How to complete this task:
Go through the listing below and output exactly the line with "Definition fcd_sum_profile (lam", the line with "set (h := lam / INR N).", and each line between; omit the rest.

Dataset excerpts:
-------
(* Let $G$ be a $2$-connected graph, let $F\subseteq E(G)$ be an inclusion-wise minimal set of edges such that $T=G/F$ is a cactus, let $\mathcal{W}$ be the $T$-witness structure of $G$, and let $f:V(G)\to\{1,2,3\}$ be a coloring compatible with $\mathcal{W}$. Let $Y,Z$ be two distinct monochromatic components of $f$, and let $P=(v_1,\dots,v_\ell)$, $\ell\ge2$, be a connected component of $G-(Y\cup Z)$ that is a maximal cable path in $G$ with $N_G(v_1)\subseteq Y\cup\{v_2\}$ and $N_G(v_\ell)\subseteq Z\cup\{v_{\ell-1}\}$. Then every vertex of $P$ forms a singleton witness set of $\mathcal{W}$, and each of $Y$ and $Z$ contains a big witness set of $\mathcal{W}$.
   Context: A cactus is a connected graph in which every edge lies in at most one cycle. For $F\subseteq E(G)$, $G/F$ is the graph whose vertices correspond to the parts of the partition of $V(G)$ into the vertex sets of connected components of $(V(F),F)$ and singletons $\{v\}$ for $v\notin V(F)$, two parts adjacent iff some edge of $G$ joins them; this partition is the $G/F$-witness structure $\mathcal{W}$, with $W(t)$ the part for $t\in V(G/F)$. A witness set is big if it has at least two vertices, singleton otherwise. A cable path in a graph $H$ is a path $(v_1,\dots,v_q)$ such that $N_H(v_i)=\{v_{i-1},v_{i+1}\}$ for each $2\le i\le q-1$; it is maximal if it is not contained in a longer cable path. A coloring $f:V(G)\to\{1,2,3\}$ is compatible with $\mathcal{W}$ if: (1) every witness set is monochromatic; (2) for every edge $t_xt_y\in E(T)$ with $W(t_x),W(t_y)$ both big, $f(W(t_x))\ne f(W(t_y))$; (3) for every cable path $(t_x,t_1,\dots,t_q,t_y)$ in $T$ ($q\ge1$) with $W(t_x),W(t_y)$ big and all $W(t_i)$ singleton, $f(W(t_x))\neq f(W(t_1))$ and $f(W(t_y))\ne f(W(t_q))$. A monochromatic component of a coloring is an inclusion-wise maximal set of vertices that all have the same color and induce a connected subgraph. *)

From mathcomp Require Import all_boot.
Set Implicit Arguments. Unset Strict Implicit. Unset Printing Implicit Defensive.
-------
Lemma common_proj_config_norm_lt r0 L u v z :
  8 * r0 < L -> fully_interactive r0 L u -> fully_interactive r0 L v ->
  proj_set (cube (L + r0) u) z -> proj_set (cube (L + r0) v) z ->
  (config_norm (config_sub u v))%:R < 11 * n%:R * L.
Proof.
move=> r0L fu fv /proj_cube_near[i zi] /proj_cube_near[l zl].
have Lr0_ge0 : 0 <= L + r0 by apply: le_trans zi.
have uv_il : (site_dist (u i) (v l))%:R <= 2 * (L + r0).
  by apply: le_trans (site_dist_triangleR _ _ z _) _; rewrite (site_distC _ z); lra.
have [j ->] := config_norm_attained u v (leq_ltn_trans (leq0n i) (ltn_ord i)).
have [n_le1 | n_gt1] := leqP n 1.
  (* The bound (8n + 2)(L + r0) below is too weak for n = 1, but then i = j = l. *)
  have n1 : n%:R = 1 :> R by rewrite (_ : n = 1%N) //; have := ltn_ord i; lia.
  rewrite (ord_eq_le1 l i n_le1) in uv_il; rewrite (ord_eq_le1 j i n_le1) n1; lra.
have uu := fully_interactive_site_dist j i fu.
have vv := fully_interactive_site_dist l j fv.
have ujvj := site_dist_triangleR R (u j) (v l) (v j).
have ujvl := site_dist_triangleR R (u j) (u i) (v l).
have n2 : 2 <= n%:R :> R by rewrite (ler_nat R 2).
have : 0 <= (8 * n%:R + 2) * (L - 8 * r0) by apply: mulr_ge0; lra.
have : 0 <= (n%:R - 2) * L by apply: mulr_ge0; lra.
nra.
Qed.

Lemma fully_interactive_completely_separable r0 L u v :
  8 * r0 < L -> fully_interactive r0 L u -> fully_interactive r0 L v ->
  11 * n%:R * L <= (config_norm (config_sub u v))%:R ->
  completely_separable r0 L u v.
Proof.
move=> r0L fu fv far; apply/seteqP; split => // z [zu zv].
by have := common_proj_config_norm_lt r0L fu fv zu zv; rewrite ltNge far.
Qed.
-------
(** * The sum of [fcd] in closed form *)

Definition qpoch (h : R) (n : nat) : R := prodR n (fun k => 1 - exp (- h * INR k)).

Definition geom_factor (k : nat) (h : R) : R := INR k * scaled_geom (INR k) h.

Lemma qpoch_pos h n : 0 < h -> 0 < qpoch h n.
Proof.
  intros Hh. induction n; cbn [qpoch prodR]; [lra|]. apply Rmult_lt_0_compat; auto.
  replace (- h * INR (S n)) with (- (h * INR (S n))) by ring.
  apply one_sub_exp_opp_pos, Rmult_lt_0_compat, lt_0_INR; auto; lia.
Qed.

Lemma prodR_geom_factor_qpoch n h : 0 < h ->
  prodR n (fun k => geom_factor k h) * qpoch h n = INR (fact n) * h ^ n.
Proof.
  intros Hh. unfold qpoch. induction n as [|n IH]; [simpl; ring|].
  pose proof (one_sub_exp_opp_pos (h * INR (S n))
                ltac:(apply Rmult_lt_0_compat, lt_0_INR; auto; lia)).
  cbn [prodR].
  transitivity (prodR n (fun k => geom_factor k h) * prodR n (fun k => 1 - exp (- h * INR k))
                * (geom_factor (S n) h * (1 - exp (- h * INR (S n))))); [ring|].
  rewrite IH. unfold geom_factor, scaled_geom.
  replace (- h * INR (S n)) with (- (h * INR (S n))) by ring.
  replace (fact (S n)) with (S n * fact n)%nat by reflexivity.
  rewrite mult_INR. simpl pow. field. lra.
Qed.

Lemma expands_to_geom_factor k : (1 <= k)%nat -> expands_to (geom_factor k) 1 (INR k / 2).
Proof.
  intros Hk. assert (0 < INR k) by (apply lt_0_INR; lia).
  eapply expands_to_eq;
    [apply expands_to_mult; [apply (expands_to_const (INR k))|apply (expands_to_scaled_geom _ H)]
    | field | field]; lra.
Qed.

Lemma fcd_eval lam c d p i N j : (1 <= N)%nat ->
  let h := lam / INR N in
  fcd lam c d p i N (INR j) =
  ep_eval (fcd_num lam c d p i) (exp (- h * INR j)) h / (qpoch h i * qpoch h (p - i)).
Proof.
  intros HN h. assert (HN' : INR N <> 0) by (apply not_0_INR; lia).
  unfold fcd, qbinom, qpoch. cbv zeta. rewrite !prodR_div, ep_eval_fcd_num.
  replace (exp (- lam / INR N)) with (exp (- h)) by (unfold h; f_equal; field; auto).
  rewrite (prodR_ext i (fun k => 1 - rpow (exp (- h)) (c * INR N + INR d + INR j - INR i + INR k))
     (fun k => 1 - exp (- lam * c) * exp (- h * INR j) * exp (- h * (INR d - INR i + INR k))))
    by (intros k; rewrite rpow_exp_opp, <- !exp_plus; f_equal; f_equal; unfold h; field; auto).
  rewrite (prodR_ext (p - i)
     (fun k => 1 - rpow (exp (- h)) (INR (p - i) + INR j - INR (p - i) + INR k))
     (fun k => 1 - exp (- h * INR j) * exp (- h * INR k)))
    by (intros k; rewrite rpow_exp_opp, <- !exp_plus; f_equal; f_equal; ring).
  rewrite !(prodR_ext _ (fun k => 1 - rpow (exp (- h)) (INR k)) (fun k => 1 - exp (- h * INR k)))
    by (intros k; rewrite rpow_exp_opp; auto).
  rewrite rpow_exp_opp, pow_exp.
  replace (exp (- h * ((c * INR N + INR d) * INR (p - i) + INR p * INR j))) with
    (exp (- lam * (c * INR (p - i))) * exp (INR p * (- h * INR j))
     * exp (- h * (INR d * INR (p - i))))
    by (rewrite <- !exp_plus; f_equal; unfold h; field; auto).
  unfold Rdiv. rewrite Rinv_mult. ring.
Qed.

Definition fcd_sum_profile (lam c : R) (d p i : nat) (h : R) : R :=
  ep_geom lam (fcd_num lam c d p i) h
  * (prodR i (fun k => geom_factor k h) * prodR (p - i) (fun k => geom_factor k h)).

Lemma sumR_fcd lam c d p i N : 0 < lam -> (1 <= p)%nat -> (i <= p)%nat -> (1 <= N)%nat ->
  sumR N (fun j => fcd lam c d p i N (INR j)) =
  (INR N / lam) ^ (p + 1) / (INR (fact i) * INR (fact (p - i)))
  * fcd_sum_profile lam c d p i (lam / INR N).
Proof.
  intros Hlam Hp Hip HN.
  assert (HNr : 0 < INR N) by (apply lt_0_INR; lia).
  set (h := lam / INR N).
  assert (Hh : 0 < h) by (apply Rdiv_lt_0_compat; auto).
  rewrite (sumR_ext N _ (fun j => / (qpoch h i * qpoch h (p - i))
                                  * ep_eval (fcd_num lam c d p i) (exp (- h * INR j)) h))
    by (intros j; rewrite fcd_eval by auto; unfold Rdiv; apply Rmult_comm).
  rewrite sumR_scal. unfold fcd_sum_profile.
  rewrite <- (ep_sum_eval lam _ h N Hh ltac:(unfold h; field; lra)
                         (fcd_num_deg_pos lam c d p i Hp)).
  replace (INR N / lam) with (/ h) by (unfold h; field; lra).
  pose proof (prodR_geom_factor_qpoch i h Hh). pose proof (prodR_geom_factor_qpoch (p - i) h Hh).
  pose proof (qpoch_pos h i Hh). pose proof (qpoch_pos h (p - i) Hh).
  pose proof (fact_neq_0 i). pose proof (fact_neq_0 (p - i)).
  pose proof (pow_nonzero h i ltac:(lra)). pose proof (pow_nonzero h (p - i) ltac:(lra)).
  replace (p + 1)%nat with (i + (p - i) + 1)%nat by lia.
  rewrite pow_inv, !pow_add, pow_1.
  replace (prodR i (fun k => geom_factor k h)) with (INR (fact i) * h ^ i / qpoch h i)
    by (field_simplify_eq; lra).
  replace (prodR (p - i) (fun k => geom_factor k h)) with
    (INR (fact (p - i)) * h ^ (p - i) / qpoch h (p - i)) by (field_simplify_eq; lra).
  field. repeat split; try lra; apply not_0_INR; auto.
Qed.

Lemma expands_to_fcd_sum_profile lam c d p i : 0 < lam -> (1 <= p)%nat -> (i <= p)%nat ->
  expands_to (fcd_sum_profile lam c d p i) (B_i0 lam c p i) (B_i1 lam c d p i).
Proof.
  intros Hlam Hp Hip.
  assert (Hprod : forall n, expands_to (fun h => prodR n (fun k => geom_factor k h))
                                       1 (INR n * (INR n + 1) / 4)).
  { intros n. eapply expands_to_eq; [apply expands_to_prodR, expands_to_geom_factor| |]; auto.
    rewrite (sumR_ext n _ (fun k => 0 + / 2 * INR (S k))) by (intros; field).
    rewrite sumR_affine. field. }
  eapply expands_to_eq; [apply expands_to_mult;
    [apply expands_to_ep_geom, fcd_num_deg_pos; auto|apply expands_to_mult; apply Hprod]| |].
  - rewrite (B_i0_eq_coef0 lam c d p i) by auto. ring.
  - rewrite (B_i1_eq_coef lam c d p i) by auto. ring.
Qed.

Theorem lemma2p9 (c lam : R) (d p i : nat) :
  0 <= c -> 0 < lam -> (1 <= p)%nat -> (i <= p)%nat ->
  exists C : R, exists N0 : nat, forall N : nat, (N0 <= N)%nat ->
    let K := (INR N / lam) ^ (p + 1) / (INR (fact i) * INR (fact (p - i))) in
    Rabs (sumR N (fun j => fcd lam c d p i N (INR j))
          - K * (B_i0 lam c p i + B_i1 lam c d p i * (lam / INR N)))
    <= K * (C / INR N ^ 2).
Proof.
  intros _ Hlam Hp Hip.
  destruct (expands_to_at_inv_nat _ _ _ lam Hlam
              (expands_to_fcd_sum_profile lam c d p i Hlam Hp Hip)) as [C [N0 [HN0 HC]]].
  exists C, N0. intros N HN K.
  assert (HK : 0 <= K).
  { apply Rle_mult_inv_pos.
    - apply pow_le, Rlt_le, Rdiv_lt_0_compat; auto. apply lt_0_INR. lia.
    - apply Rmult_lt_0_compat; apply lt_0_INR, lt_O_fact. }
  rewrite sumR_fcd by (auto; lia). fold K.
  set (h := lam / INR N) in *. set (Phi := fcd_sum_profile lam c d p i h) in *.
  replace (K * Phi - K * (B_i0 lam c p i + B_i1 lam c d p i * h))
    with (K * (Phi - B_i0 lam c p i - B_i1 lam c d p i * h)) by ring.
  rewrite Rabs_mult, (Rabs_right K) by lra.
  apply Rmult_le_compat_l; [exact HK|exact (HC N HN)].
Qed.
-------
Expected answer:
Definition fcd_sum_profile (lam c : R) (d p i : nat) (h : R) : R :=
  ep_geom lam (fcd_num lam c d p i) h
  * (prodR i (fun k => geom_factor k h) * prodR (p - i) (fun k => geom_factor k h)).

Lemma sumR_fcd lam c d p i N : 0 < lam -> (1 <= p)%nat -> (i <= p)%nat -> (1 <= N)%nat ->
  sumR N (fun j => fcd lam c d p i N (INR j)) =
  (INR N / lam) ^ (p + 1) / (INR (fact i) * INR (fact (p - i)))
  * fcd_sum_profile lam c d p i (lam / INR N).
Proof.
  intros Hlam Hp Hip HN.
  assert (HNr : 0 < INR N) by (apply lt_0_INR; lia).
  set (h := lam / INR N).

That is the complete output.